HVAC Load Estimating - Detailed Notes

CHAPTER THREE: HVAC Load Estimating

3.1 Introduction to HVAC Load Calculations

  • HVAC systems are designed to meet heating and cooling loads based on temperature and humidity.

  • Statistical data from worldwide locations is utilized by HVAC designers.

  • Outside temperature criteria for design load calculations depend upon the nature of the building.

    • If it is crucial for the system to meet demand, designers may assume the coldest recorded temperature.

    • Most buildings are not designed based on this criterion but rather a median of extremes.

3.2 Temperature Criteria for Load Calculations

  • Design temperature criteria include:

    • Heating DB (Dry Bulb)

    • Cooling DB & MCWB (Mean Coincident Wet Bulb)

  • Table 3.1 presents climatic conditions for HVAC design for St. Louis, MO, indicating various DB and MCWB values at different percentiles.
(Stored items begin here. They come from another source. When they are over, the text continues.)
Lemma cplx_qform x : qform GC (cplx_mx x) = cplx (qform G x).
Proof. exact: cplx_ip. Qed.

Lemma cplx_gram_det x y : gram_det GC (cplx_mx x) (cplx_mx y) = cplx (gram_det G x y).
Proof. by rewrite /gram_det !cplx_qform cplx_ip !cplxE -rmorphXn -rmorphM -rmorphB. Qed.

Hypothesis G_sym : G^T = G.

Lemma cplx_mx_sym : GC^T = GC.
Proof. by rewrite /cplx_mx map_trmx G_sym. Qed.

Lemma osserman_complexify (c : R) k :
  (forall x, jacobi_trace G T k x = c * qform G x ^+ k) ->
  forall z, jacobi_trace GC TC k z = cplx c * qform GC z ^+ k.
Proof.
move=> Pc z; set a := map_mx (@complex.Re R) z; set b := map_mx (@complex.Im R) z.
have zE : z = cplx_mx a + 'i *: cplx_mx b.
  by apply/rowP => j; rewrite !mxE [LHS]complexE.
have real_line (s : R) : cplx_mx a + s%:C *: cplx_mx b = cplx_mx (a + s *: b).
  by apply/rowP => j; rewrite !mxE !cplxE rmorphD rmorphM.
move: (horner_jacobi_trace_poly GC TC k (cplx_mx a) (cplx_mx b)).
move: (horner_qform_poly cplx_mx_sym (cplx_mx a) (cplx_mx b)).
move: (jacobi_trace_poly GC TC k (cplx_mx a) (cplx_mx b)).
move: (qform_poly GC (cplx_mx a) (cplx_mx b)) => q p Qq Pp.
have pE : p = (cplx c)%:P * q ^+ k.
  apply: poly_eq_pos_nat => n; rewrite hornerM hornerC horner_exp Pp Qq.
  rewrite -(rmorph_nat (real_complex R)) real_line cplx_jacobi_trace /qform cplx_ip Pc.
  by rewrite !cplxE rmorphM rmorphXn.
by rewrite zE -Pp pE hornerM hornerC horner_exp Qq.
Qed.

Lemma osserman_null_bigO (c : R) k x y :
  (forall z, jacobi_trace GC TC k z = cplx c * qform GC z ^+ k) -> qform GC x = 0 ->
  bigO_pow_at0plus (fun t => jacobi_trace GC TC k (x + cplx t *: y)) k.
Proof.
move=> Pc Qx; set B := 2 * `|ip GC x y| + `|qform GC y|.
have [K KE] : exists K, `|cplx c| * B ^+ k = K%:C.
  by apply/complex_realP/ger0_real; rewrite mulr_ge0 ?exprn_ge0 ?addr_ge0 ?mulr_ge0.
exists K, 1; split=> [|t t0 t1]; first exact: ltr01.
have t0C : 0 <= t%:C by rewrite ler0c ltW.
have Q_line : qform GC (x + cplx t *: y) = t%:C * (2 * ip GC x y + t%:C * qform GC y).
  by rewrite qformD ?cplx_mx_sym // qformZ ipZr Qx cplxE; ring.
have -> : cplx (K * t ^+ k) = `|cplx c| * B ^+ k * t%:C ^+ k.
  by rewrite KE cplxE rmorphM rmorphXn.
rewrite Pc Q_line exprMn normrM -mulrA ler_wpM2l //.
rewrite normrM !normrX (ger0_norm t0C) mulrC ler_wpM2r ?exprn_ge0 //.
rewrite lerXn2r ?nnegrE ?addr_ge0 ?mulr_ge0 //.
apply: le_trans (ler_normD _ _) (lerD _ _); first by rewrite normrM normr_nat.
by rewrite normrM (ger0_norm t0C) ler_piMl // lecR ltW.
Qed.

End Complexification.

Lemma osserman_of_null_bigO (R : rcfType) (m : nat) (G : 'M[R]_m) (T : tensor4 R m) :
  (2 <= m)%N -> G^T = G -> G \in unitmx ->
  (forall x y : 'rV[R[i]]_m, qform (cplx_mx G) x = 0 -> forall k, (1 <= k)%N ->
     bigO_pow_at0plus
       (fun t => jacobi_trace (cplx_mx G) (cplx_tensor T) k (x + cplx t *: y)) k) ->
  osserman1 G T.
Proof.
move=> m2 G_sym G_unit null_bigO.
have G0 : G != 0.
  by apply: contraTneq m2 => G0; move: (mxrank_unit G_unit); rewrite G0 mxrank0 => <-.
have [x0 Qx0] := exists_qform_neq0 G_sym G0.
have [w gram_x0w] := exists_gram_det_neq0 m2 G_sym G_unit Qx0.
exists (fun k => jacobi_trace G T k x0 / qform G x0 ^+ k) => k x /=.
have Qx0k : qform G x0 ^+ k != 0 by rewrite expf_neq0.
case: k Qx0k => [|k] Qx0k; first by rewrite /jacobi_trace !expr0 divr1 mulr1.
apply: (mulIf Qx0k); rewrite mulrAC divfK //.
have Qx0C : qform (cplx_mx G) (cplx_mx x0) != 0 by rewrite cplx_qform cplxE fmorph_eq0.
have gramC : gram_det (cplx_mx G) (cplx_mx x0) (cplx_mx w) != 0.
  by rewrite cplx_gram_det cplxE fmorph_eq0.
have := jacobi_trace_ratio (cplx_mx_sym G_sym) (ltn0Sn k)
  (fun x y Qx => null_bigO x y Qx k.+1 isT) (cplx_mx x) Qx0C gramC.
by rewrite !cplx_jacobi_trace !cplx_qform !cplxE -!rmorphXn -!rmorphM => /complexI.
Qed.

Unset Implicit Arguments.

Theorem lemma2p2 (R : realType) (m : nat) (G : 'M[R]_m) (T : tensor4 R m) :
  (3 <= m)%N -> nondeg_sym_form G -> is_act T ->
  (osserman1 G T <->
   forall (x y : 'rV[R[i]]_m),
     ip (cplx_mx G) x x = 0 ->
     forall k : nat, (1 <= k)%N ->
       bigO_pow_at0plus
         (fun t : R => \tr (jacobi_op (cplx_mx G) (cplx_tensor T)
                                       (x + cplx t *: y) ^+ k)) k).
Proof.
move=> m3 [G_sym G_unit] _; split.
  move=> [c Pc] x y Qx k _.
  exact: (osserman_null_bigO G_sym y (osserman_complexify G_sym (Pc k)) Qx).
by apply: osserman_of_null_bigO => //; apply: ltnW.
Qed.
Table 3.1: Climatic Conditions for HVAC Design
  • 99.6%: 7.5°F DB

  • 99%: 12.7°F DB

  • 0.4%: 96.2°F DB, 76.7°F MCWB

  • 1%: 93.5°F DB, 76.1°F MCWB

  • 2%: 91.1°F DB, 75.0°F MCWB

  • 0.4%: 79.5°F WB, 90.9°F MCDB

Heating Load Calculation:
  • For heating systems, use mean of the coldest recorded temperatures.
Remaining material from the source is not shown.